**Collection entries:**
────────────────
Lemma is_deriv2_boundary_deriv i : is_deriv2 (boundary_deriv i) (boundary_deriv (S i)).
Proof.
  pose proof nodes_ends_lt as Hab. unfold boundary_deriv. set (h := x N - x 0%nat).
  set (F := fun l t =>
    y 0%nat (2 * l)%nat * h ^ (2 * l - 2 * i) * lidstone_deriv2n Lam i l (- / h * t + x N / h)
    + y N (2 * l)%nat * h ^ (2 * l - 2 * i) * lidstone_deriv2n Lam i l (/ h * t + - x 0%nat / h)).
  set (F2 := fun l t =>
    y 0%nat (2 * l)%nat * h ^ (2 * l - 2 * i)
      * (- / h * - / h * lidstone_deriv2n Lam (S i) l (- / h * t + x N / h))
    + y N (2 * l)%nat * h ^ (2 * l - 2 * i)
      * (/ h * / h * lidstone_deriv2n Lam (S i) l (/ h * t + - x 0%nat / h))).
  apply (is_deriv2_ext (fun t => sum_f_R0 (fun l => F l t) p) (fun t => sum_f_R0 (fun l => F2 l t) p)).
  - apply is_deriv2_sum. intro l.
    apply is_deriv2_lincomb; apply is_deriv2_affine, is_deriv2_lidstone_deriv2n, HLam.
  - intro t. apply sum_eq. intros l _. unfold F.
    replace (- / h * t + x N / h) with ((x N - t) / h) by (field; unfold h; lra).
    replace (/ h * t + - x 0%nat / h) with ((t - x 0%nat) / h) by (field; unfold h; lra).
    ring.
  - intro t. apply sum_eq. intros l _. unfold F2.
    replace (- / h * t + x N / h) with ((x N - t) / h) by (field; unfold h; lra).
    replace (/ h * t + - x 0%nat / h) with ((t - x 0%nat) / h) by (field; unfold h; lra).
    unfold lidstone_deriv2n. destruct (Nat.leb_spec (S i) l); [|ring].
    replace (2 * l - 2 * i)%nat with (2 + (2 * l - 2 * S i))%nat by lia.
    rewrite pow_add. field. unfold h; lra.
Qed.

Lemma q_fun_sub al1 al2 n t :
  q_fun Lam p x N y al1 n t - q_fun Lam p x N y al2 n t = - (al1 n - al2 n) * boundary_deriv 0 t.
Proof.
  unfold q_fun, boundary_deriv. rewrite <- minus_sum, scal_sum. apply sum_eq. intros l _.
  unfold lidstone_deriv2n. simpl (Nat.leb 0 l). rewrite !Nat.sub_0_r. ring.
Qed.

Lemma Rabs_y_le_rho l : (l <= p)%nat ->
  Rabs (y 0%nat (2 * l)%nat) <= rho p N y /\ Rabs (y N (2 * l)%nat) <= rho p N y.
Proof.
  intros Hl.
  pose proof (max_0_to_ge (fun k => Rmax (Rabs (y 0%nat (2 * k)%nat)) (Rabs (y N (2 * k)%nat))) p l Hl).
  unfold rho. split; (eapply Rle_trans; [|eassumption]); [apply Rmax_l | apply Rmax_r].
Qed.

Lemma Rabs_boundary_deriv_le k t : (k <= p)%nat -> x 0%nat <= t <= x N ->
  Rabs (boundary_deriv k t) <= M_const p k x N y.
Proof.
  intros Hk Ht. pose proof nodes_ends_lt. pose proof PI_gt_3.
  set (h := x N - x 0%nat). assert (Hh : 0 < h) by (unfold h; lra).
  assert (Hs1 : 0 <= (x N - t) / h <= 1).
  { split; [apply Rle_mult_inv_pos; lra|].
    apply (Rmult_le_reg_r h); [exact Hh|]. unfold Rdiv. rewrite Rmult_assoc, Rinv_l; unfold h; lra. }
  assert (Hs2 : 0 <= (t - x 0%nat) / h <= 1).
  { split; [apply Rle_mult_inv_pos; lra|].
    apply (Rmult_le_reg_r h); [exact Hh|]. unfold Rdiv. rewrite Rmult_assoc, Rinv_l; unfold h; lra. }
  set (g := fun m => 2 * rho p N y * lidstone_bound m * h ^ (2 * m)).
  replace (M_const p k x N y) with (sum_f_R0 (fun l => if Nat.leb k l then g (l - k)%nat else 0) p).
  2:{ replace p with (k + (p - k))%nat at 1 by lia. rewrite sum_f_R0_shift.
      unfold M_const. rewrite scal_sum. apply sum_eq. intros m _.
      unfold g, lidstone_bound, Rdiv. fold h. rewrite Rpow_mult_distr. ring. }
  unfold boundary_deriv. fold h.
  eapply Rle_trans; [apply sum_f_R0_triangle|]. apply sum_Rle. intros l Hl.
  destruct (Rabs_y_le_rho l Hl) as [Hy0 HyN].
  unfold lidstone_deriv2n. destruct (Nat.leb_spec k l); [|rewrite !Rmult_0_r, Rplus_0_r, Rmult_0_l, Rabs_R0; lra].
  pose proof (Rabs_lidstone_le Lam HLam (l - k) _ Hs1) as HL1.
  pose proof (Rabs_lidstone_le Lam HLam (l - k) _ Hs2) as HL2.
  replace (2 * l - 2 * k)%nat with (2 * (l - k))%nat by lia.
  assert (Hhp : 0 <= h ^ (2 * (l - k))) by (apply pow_le; lra).
  unfold g. rewrite Rabs_mult, (Rabs_right (h ^ _)) by lra.
  apply Rmult_le_compat_r; [exact Hhp|].
  eapply Rle_trans; [apply Rabs_triang|]. rewrite !Rabs_mult.
  assert (Rabs (y 0%nat (2 * l)%nat) * Rabs (Lam (l - k)%nat ((x N - t) / h))
            <= rho p N y * lidstone_bound (l - k))
    by (apply Rmult_le_compat; auto using Rabs_pos).
  assert (Rabs (y N (2 * l)%nat) * Rabs (Lam (l - k)%nat ((t - x 0%nat) / h))
            <= rho p N y * lidstone_bound (l - k))
    by (apply Rmult_le_compat; auto using Rabs_pos).
  lra.
Qed.

Lemma fif_derivs_selfsimilar al1 al2 l1 l2 D1 D2 :
  Cn_derivs (2 * p) (x 0%nat) (x N) l1 D1 -> Cn_derivs (2 * p) (x 0%nat) (x N) l2 D2 ->
  lidstone_FIF_eq Lam p x N y al1 l1 -> lidstone_FIF_eq Lam p x N y al2 l2 ->
  forall i n t, (i <= p)%nat -> (1 <= n <= N)%nat -> x 0%nat <= t <= x N ->
  a_coef x N n ^ (2 * i)
    * (D1 (2 * i)%nat (L_map x N n t) - D2 (2 * i)%nat (L_map x N n t))
  = al1 n * (D1 (2 * i)%nat t - D2 (2 * i)%nat t)
    + (al1 n - al2 n) * (D2 (2 * i)%nat t - boundary_deriv i t).
Proof.
  intros [H10 [H1d _]] [H20 [H2d _]] Hf1 Hf2 i n t Hi Hn Ht.
  set (c := a_coef x N n). set (d := (x N * x (n - 1)%nat - x 0%nat * x n) / (x N - x 0%nat)).
  assert (HL : forall s, L_map x N n s = c * s + d) by reflexivity.
  assert (Hc : 0 < c) by (apply a_coef_pos, Hn).
  assert (HLin : forall s, x 0%nat <= s <= x N -> x 0%nat <= c * s + d <= x N)
    by (intros s Hs; rewrite <- HL; apply L_map_in; assumption).
  set (v := al1 n - al2 n).
  set (G := fun j s => c ^ j * (D1 j (c * s + d) - D2 j (c * s + d))
                       - al1 n * (D1 j s - D2 j s) - v * D2 j s).
  enough (HG : G (2 * i)%nat t = - v * boundary_deriv i t) by (unfold G in HG; rewrite HL; lra).
  apply (deriv_on_chain_eq_deriv2 _ _ G (fun i s => - v * boundary_deriv i s) p nodes_ends_lt);
    [| intro j; apply is_deriv2_scal, is_deriv2_boundary_deriv | | exact Hi | exact Ht].
  - intros j Hj.
    pose proof (deriv_on_comp_affine _ _ _ _ c d Hc HLin (H1d j Hj)) as A1.
    pose proof (deriv_on_comp_affine _ _ _ _ c d Hc HLin (H2d j Hj)) as A2.
    apply (deriv_on_lincomb _ _ _ _ _ _ _ _ 1 1
             (deriv_on_lincomb _ _ _ _ _ _ _ _ (c ^ j) (- c ^ j) A1 A2
                (fun _ _ => eq_refl) (fun _ _ => eq_refl))
             (deriv_on_lincomb _ _ _ _ _ _ _ _ (- al1 n) (al1 n - v) (H1d j Hj) (H2d j Hj)
                (fun _ _ => eq_refl) (fun _ _ => eq_refl)));
      intros s _; unfold G; simpl; ring.
  - intros s Hs. unfold G. simpl pow. rewrite !H10, !H20 by auto.
    rewrite <- HL, (Hf1 n Hn s Hs), (Hf2 n Hn s Hs).
    pose proof (q_fun_sub al1 al2 n s) as Hq. unfold v. rewrite <- Hq. ring.
Qed.

Lemma fif_derivs_diff_selfsimilar_bound al1 al2 l1 l2 D1 D2 k :
  Cn_derivs (2 * p) (x 0%nat) (x N) l1 D1 -> Cn_derivs (2 * p) (x 0%nat) (x N) l2 D2 ->
  lidstone_FIF_eq Lam p x N y al1 l1 -> lidstone_FIF_eq Lam p x N y al2 l2 ->
  (k <= p)%nat ->
  forall z, x 0%nat <= z <= x N -> exists t, x 0%nat <= t <= x N /\
    min_1_to (a_coef x N) N ^ (2 * k) * Rabs (D1 (2 * k)%nat z - D2 (2 * k)%nat z)
    <= vnorm N al1 * Rabs (D1 (2 * k)%nat t - D2 (2 * k)%nat t)
       + vnorm N (fun n => al1 n - al2 n)
         * (sup_norm (x 0%nat) (x N) (D2 (2 * k)%nat) + M_const p k x N y).
Proof.
  intros Hl1 Hl2 Hf1 Hf2 Hk z Hz.
  destruct (L_map_onto z Hz) as [n [t [Hn [Ht <-]]]]. exists t. split; [exact Ht|].
  pose proof (fif_derivs_selfsimilar _ _ _ _ _ _ Hl1 Hl2 Hf1 Hf2 k n t Hk Hn Ht) as E.
  pose proof nodes_ends_lt.
  pose proof (a_coef_pos n Hn) as Hc.
  set (mu := min_1_to (a_coef x N) N). set (c := a_coef x N n) in E, Hc.
  assert (Hmu : 0 < mu) by (apply min_1_to_pos; [exact HN | exact a_coef_pos]).
  assert (Hmuc : mu ^ (2 * k) <= c ^ (2 * k))
    by (apply pow_incr; split; [lra | apply min_1_to_le, Hn]).
  assert (HD2 : Rabs (D2 (2 * k)%nat t) <= sup_norm (x 0%nat) (x N) (D2 (2 * k)%nat)).
  { apply Rabs_le_sup_norm; [lra | apply (Cn_derivs_cont _ _ _ _ _ _ Hl2); lia | exact Ht]. }
  pose proof (Rabs_boundary_deriv_le k t Hk Ht) as HR.
  pose proof (Rabs_le_vnorm N al1 n Hn) as Hv1.
  pose proof (Rabs_le_vnorm N (fun n => al1 n - al2 n) n Hn) as Hv. simpl in Hv.
  apply Rle_trans with (Rabs (c ^ (2 * k) * (D1 (2 * k)%nat (L_map x N n t) - D2 (2 * k)%nat (L_map x N n t)))).
  { rewrite Rabs_mult, (Rabs_right (c ^ _)) by (apply Rle_ge, pow_le; lra).
    apply Rmult_le_compat_r; [apply Rabs_pos | exact Hmuc]. }
  rewrite E. eapply Rle_trans; [apply Rabs_triang|]. rewrite !Rabs_mult.
  apply Rplus_le_compat; apply Rmult_le_compat; try apply Rabs_pos; try assumption; try lra.
  unfold Rminus at 1. eapply Rle_trans; [apply Rabs_triang|]. rewrite Rabs_Ropp. lra.
Qed.
End LidstoneFIF.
────────────────
**Assigned task:** Among the entries above, the line containing "assert (HLin : forall", the line containing "Hj)) as A1.", and all lines between them are to be restated word for word; nothing else belongs in the reply.

**Completed exercise:**
  assert (HLin : forall s, x 0%nat <= s <= x N -> x 0%nat <= c * s + d <= x N)
    by (intros s Hs; rewrite <- HL; apply L_map_in; assumption).
  set (v := al1 n - al2 n).
  set (G := fun j s => c ^ j * (D1 j (c * s + d) - D2 j (c * s + d))
                       - al1 n * (D1 j s - D2 j s) - v * D2 j s).
  enough (HG : G (2 * i)%nat t = - v * boundary_deriv i t) by (unfold G in HG; rewrite HL; lra).
  apply (deriv_on_chain_eq_deriv2 _ _ G (fun i s => - v * boundary_deriv i s) p nodes_ends_lt);
    [| intro j; apply is_deriv2_scal, is_deriv2_boundary_deriv | | exact Hi | exact Ht].
  - intros j Hj.
    pose proof (deriv_on_comp_affine _ _ _ _ c d Hc HLin (H1d j Hj)) as A1.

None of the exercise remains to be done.